**Data to examine**
- - - - -
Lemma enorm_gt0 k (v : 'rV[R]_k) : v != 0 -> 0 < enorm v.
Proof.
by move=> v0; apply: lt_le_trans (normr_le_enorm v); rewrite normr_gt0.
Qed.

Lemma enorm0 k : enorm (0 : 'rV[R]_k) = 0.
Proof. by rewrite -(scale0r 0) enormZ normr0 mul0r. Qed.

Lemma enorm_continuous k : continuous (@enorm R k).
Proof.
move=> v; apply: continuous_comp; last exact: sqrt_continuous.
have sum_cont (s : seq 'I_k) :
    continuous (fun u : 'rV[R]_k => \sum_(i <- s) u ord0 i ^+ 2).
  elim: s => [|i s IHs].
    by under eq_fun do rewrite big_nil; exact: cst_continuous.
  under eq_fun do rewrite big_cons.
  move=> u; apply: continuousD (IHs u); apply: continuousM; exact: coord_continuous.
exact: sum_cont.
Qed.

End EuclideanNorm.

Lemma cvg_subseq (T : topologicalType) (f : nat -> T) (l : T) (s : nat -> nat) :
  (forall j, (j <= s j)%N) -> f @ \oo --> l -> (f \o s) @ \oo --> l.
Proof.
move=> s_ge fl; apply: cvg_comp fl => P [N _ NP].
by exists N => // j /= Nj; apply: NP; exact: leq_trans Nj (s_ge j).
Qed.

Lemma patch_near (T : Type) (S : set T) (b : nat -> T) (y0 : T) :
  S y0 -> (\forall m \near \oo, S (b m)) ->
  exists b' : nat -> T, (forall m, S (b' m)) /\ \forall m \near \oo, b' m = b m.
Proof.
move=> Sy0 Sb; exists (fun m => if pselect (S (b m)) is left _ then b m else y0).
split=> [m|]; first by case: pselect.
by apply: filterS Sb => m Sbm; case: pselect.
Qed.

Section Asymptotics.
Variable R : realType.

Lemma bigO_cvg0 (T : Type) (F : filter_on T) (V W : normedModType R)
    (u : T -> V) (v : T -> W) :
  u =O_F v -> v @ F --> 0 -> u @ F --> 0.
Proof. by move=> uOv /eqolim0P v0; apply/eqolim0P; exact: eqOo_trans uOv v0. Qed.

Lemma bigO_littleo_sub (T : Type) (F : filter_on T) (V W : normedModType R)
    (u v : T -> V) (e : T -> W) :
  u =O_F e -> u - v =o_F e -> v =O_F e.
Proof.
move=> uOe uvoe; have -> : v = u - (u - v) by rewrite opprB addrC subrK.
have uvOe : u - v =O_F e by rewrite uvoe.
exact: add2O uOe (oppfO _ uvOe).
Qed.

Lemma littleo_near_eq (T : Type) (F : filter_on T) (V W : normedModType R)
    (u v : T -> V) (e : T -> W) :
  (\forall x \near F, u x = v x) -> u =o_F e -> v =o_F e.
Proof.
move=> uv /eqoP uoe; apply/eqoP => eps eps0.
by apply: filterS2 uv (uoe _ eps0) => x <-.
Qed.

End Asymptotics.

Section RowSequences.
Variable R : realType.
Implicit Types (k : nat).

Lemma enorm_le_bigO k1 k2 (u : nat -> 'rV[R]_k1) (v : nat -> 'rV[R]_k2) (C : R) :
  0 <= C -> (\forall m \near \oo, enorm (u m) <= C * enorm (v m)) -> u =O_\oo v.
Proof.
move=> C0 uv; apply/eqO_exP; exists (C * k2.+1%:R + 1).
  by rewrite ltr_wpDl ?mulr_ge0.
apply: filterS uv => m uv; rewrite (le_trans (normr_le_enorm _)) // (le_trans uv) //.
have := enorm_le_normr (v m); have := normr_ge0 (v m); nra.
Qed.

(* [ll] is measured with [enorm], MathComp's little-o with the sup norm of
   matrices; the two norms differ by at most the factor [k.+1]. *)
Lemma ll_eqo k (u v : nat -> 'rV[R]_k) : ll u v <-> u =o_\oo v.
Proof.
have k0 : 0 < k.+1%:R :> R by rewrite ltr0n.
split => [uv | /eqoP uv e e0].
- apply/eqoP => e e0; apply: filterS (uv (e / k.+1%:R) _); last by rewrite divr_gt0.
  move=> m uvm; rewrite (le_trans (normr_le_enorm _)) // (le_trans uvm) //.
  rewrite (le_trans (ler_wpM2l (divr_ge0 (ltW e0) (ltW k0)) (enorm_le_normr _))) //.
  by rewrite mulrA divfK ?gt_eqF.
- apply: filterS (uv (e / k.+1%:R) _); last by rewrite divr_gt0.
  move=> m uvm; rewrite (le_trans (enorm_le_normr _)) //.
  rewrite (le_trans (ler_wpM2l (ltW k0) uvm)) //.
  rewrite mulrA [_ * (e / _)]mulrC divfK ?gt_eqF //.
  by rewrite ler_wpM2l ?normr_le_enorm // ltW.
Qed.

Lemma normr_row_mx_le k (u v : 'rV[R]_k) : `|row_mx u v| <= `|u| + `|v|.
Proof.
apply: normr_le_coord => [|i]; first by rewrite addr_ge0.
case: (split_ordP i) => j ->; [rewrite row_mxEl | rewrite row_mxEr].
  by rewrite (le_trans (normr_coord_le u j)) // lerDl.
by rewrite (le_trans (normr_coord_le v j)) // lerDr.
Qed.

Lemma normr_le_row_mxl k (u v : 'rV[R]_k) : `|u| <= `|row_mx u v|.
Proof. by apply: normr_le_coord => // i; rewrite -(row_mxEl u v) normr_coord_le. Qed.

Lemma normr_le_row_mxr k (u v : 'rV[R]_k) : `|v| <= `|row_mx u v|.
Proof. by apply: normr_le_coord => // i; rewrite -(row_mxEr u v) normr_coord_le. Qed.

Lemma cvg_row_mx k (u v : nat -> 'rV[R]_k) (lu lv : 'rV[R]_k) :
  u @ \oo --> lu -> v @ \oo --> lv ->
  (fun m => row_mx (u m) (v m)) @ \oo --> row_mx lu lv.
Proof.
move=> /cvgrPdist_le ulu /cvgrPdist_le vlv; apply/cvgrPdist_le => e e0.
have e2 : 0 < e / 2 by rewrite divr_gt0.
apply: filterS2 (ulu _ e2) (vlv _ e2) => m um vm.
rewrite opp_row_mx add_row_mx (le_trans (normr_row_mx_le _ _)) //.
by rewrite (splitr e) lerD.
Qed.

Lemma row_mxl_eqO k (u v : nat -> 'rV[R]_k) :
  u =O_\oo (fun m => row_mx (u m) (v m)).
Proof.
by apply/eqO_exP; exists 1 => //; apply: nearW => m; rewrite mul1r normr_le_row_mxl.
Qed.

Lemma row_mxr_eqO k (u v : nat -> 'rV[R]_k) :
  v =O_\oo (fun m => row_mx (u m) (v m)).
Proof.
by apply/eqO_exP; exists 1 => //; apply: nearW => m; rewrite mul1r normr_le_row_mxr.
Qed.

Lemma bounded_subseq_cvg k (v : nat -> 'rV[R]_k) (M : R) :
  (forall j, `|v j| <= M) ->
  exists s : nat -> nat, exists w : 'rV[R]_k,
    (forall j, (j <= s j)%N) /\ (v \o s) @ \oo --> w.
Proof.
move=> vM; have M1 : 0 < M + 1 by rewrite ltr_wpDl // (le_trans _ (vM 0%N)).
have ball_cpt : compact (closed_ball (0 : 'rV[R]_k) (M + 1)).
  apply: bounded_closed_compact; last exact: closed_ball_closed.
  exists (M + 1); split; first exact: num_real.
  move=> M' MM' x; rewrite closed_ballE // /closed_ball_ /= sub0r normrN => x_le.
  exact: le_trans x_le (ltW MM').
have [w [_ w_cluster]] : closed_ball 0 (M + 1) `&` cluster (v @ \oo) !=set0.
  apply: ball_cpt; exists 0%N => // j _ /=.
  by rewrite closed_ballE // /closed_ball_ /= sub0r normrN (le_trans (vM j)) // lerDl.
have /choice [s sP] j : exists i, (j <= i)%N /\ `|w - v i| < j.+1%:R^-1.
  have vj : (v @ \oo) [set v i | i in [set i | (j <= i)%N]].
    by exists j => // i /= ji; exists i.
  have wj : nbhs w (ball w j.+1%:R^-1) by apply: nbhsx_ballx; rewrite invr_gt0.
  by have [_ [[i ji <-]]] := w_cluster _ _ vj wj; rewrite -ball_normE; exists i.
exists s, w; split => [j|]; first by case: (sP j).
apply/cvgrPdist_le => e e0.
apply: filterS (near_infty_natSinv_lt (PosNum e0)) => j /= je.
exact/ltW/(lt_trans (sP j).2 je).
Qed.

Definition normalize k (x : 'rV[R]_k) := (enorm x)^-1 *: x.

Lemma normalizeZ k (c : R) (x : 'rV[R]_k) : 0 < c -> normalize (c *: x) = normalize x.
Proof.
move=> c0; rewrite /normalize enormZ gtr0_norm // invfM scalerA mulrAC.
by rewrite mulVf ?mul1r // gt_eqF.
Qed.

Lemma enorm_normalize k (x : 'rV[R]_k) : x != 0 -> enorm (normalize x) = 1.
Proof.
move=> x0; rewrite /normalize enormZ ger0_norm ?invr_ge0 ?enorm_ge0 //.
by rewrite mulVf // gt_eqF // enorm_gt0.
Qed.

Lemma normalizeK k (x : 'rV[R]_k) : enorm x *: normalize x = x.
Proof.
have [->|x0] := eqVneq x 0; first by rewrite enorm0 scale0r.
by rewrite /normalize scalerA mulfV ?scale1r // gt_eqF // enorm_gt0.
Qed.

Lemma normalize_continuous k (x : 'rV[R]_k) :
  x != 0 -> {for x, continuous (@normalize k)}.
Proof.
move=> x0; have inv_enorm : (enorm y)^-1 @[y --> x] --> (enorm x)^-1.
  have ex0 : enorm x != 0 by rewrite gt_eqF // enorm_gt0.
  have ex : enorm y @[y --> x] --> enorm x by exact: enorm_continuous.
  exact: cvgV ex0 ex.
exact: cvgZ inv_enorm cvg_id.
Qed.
- - - - -
**What you are asked to do**
Check every line of the data above for the string "lerDl", and copy those that have it.

**Task answer**
  by rewrite (le_trans (normr_coord_le u j)) // lerDl.
  by rewrite closed_ballE // /closed_ball_ /= sub0r normrN (le_trans (vM j)) // lerDl.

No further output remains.